Neilson's suggestion here that some other genres are only ever 'perceived' to be more popular than theatre is a curious one, perhaps betraying an ivory tower arrogance that assumes knowledge of what people want. Does he really think that there are more people who like theatre than admit to it, or even know it at all? "The theatrical tradition has completely informed TV drama and soaps. Theatre is sometimes criticised for being like soaps, but theatre formed them. British text based theatre is in the blood of the people." Once again he is friendly, but assertive.

Between the highbrow and the entertaining there is another area, where Neilson's love for the theatre is most clearly located: not just the chance to have fun on stage, or even to tell a meaningful story, but in the hard evidence of immediacy. "Now theatre needs to distinguish itself again," he insists. "People want a bit of spectacle. People want to see liveness, proximity. To feel alive as an audience. You can see the response of the audience to things that offer those things.
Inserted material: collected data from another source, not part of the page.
Lemma ps_mulf_neq0 (f g : pseries) : f != 0 -> g != 0 -> f * g != 0.
Proof.
move=> /exists_coef_neq0 f_ex /exists_coef_neq0 g_ex.
have [i fi_neq0 fi_min] := ex_minnP f_ex.
have [j gj_neq0 gj_min] := ex_minnP g_ex.
apply/eqP => /(congr1 (fun h : pseries => h (i + j)%N)) /eqP.
have lt_i : (i < (i + j).+1)%N by rewrite ltnS leq_addr.
rewrite coef_psM (bigD1 (Ordinal lt_i)) //= addKn big1 ?addr0.
  by rewrite mulf_eq0 (negbTE fi_neq0) (negbTE gj_neq0).
move=> [a lt_a]; rewrite -val_eqE /= => ne_ai.
case: (ltngtP a i) ne_ai => // [lt_ai | lt_ia] _.
  apply/eqP; rewrite mulf_eq0; apply: contraLR lt_ai => /norP [/fi_min + _].
  by rewrite -leqNgt.
apply/eqP; rewrite mulf_eq0; apply: contraLR lt_ia => /norP [_ /gj_min le_j].
by rewrite -leqNgt; move: le_j lt_a; lia.
Qed.

Lemma ps_mulf_eq0 (f g : pseries) : (f * g == 0) = (f == 0) || (g == 0).
Proof.
apply/idP/idP => [|/orP [] /eqP ->]; rewrite ?mul0r ?mulr0 //.
by apply: contraLR; rewrite negb_or => /andP [/ps_mulf_neq0 fg /fg].
Qed.

Lemma ps_expf_neq0 (f : pseries) m : f != 0 -> f ^+ m != 0.
Proof.
by move=> f_neq0; elim: m => [|m IHm]; rewrite ?expr0 ?oner_eq0 // exprS ps_mulf_neq0.
Qed.

Definition ps_euler (f : pseries) : pseries := fun n => n%:R * f n.

Lemma ps_euler_is_zmod : zmod_morphism ps_euler.
Proof. by move=> f g; apply: pseriesP => n; rewrite /ps_euler !coef_psD !coef_psN mulrBr. Qed.

HB.instance Definition _ := GRing.isZmodMorphism.Build pseries pseries
  ps_euler ps_euler_is_zmod.

Lemma ps_eulerM f g : ps_euler (f * g) = ps_euler f * g + f * ps_euler g.
Proof.
apply: pseriesP => n; rewrite /ps_euler coef_psD !coef_psM mulr_sumr -big_split.
apply: eq_bigr => -[i /= lt_in] _.
by rewrite -{1}(subnKC (lt_in : (i <= n)%N)) natrD; ring.
Qed.

Lemma ps_euler1 : ps_euler 1 = 0.
Proof. by apply: pseriesP => -[|n]; rewrite /ps_euler /= ?mul0r ?mulr0. Qed.

Lemma mul_ps_eulerX f m : f * ps_euler (f ^+ m) = ps_euler f * f ^+ m *+ m.
Proof.
elim: m => [|m IHm]; first by rewrite expr0 ps_euler1 mulr0 mulr0n.
by rewrite exprS ps_eulerM mulrDr mulrCA IHm mulrS -mulrnAr; ring.
Qed.

Lemma iter_ps_eulerE i x n : iter i ps_euler x n = n%:R ^+ i * x n.
Proof. by elim: i => [|i IHi] /=; rewrite ?expr0 ?mul1r // /ps_euler IHi exprS mulrA. Qed.

Lemma ps_euler_of_poly p : ps_euler (ps_of_poly p) = ps_of_poly ('X * p^`()).
Proof.
apply: pseriesP => -[|n]; rewrite /ps_euler /ps_of_poly coefXM ?mul0r //=.
by rewrite coef_deriv mulr_natl.
Qed.

Definition ps_horner (x : pseries) : {poly {poly rat}} -> pseries :=
  horner_morph (fun c : {poly rat} => mulrC x (ps_of_poly c)).

HB.instance Definition _ x := GRing.RMorphism.on (ps_horner x).

Lemma ps_hornerC x c : ps_horner x c%:P = ps_of_poly c.
Proof. exact: horner_morphC. Qed.

Lemma ps_hornerX x : ps_horner x 'X = x.
Proof. exact: horner_morphX. Qed.

Lemma ps_hornerZ x c S : ps_horner x (c *: S) = ps_of_poly c * ps_horner x S.
Proof. by rewrite -mul_polyC rmorphM /= ps_hornerC. Qed.

Lemma ps_horner_coef_wide x (S : {poly {poly rat}}) n : (size S <= n)%N ->
  ps_horner x S = \sum_(i < n) ps_of_poly S`_i * x ^+ i.
Proof.
move=> le_Sn; rewrite /ps_horner /horner_morph.
rewrite (horner_coef_wide _ (leq_trans (size_poly _ _) le_Sn)).
by apply: eq_bigr => i _; rewrite coef_map.
Qed.

Lemma ps_evalE P F : ps_eval P F = ps_horner F P.
Proof.
rewrite (ps_horner_coef_wide _ (leqnn _)); apply: eq_bigr => i _.
by congr (_ * _); elim: (nat_of_ord i) => //= i' ->; rewrite exprS.
Qed.

Definition euler_coefs (S : {poly {poly rat}}) : {poly {poly rat}} :=
  map_poly (fun c => 'X * c^`()) S.

Lemma euler_coefsMXaddC (S : {poly {poly rat}}) c :
  euler_coefs (S * 'X + c%:P) = euler_coefs S * 'X + ('X * c^`())%:P.
Proof.
apply/polyP => i; rewrite coefD coefMX coefC /euler_coefs.
rewrite !coef_map_id0 ?deriv0 ?mulr0 // coefD coefMX coefC.
by case: i => [|i] /=; rewrite ?add0r ?addr0 ?coef_map_id0 ?deriv0 ?mulr0 // derivD deriv0.
Qed.

Lemma ps_euler_horner x (S : {poly {poly rat}}) :
  ps_euler (ps_horner x S) = ps_horner x (euler_coefs S) + ps_horner x S^`() * ps_euler x.
Proof.
elim/poly_ind: S => [|S c IHS].
  by rewrite /euler_coefs map_poly0 deriv0 !rmorph0 raddf0 mul0r addr0.
rewrite euler_coefsMXaddC derivMXaddC !rmorphD !rmorphM /= !ps_hornerX !ps_hornerC.
by rewrite raddfD /= ps_eulerM IHS ps_euler_of_poly; ring.
Qed.

(** * Algebraic series are D-finite *)

Lemma ps_algebraicE F :
  ps_algebraic F <-> exists2 P, P != 0 & ps_horner F P = 0.
Proof.
split=> [[P [P_neq0 PF0]] | [P P_neq0 PF0]]; exists P => //.
  by apply: pseriesP => n; rewrite -ps_evalE PF0.
by split=> // n; rewrite ps_evalE PF0.
Qed.

Lemma deriv_eq0_polyC (P : {poly {poly rat}}) : P^`() = 0 -> P = (P`_0)%:P.
Proof.
move=> dP0; apply/polyP => -[|i]; rewrite coefC //=.
have /eqP := congr1 (fun p : {poly {poly rat}} => p`_i) dP0; rewrite coef_deriv coef0.
by rewrite -mulr_natr mulf_eq0 -polyC_natr polyC_eq0 pnatr_eq0 orbF => /eqP.
Qed.

Lemma algebraic_annihilator_deriv (x : pseries) : ps_algebraic x ->
  exists Q, ps_horner x Q = 0 /\ ps_horner x Q^`() != 0.
Proof.
move=> /ps_algebraicE [P]; move: {2}(size P).+1 (ltnSn (size P)) => n.
elim: n P => // n IHn P lt_Pn P_neq0 Px0.
have [dPx0 | ] := eqVneq (ps_horner x P^`()) 0; last by exists P.
have [/deriv_eq0_polyC P_const | dP_neq0] := eqVneq P^`() 0.
  move: Px0 P_neq0; rewrite P_const ps_hornerC => /eqP.
  by rewrite ps_of_poly_eq0 polyC_eq0 => ->.
by apply: (IHn P^`()) => //; exact: leq_trans (lt_size_deriv P_neq0) _.
Qed.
Dissocia did that." Neilson's evident pride is not misplaced. Indeed, he more than met his own criteria with the first outing of this work.

There are usually good reasons to 'go out', whether for a film, a play, a night out or a shopping trip. Very few will come close to the combination of magic, danger, numbness and pain of The Wonderful World of Dissocia. Take this second chance to see a mind-blowing play produced at full-tilt in close to its original form. You won't come back the same.

Tron Theatre, Glasgow, Wed 28 Feb - Sat 10 Mar, 19:30, £6-£14.
The Wonderful World of Dissocia is on at the Traverse Theatre in Edinburgh in June, as part of the same tour.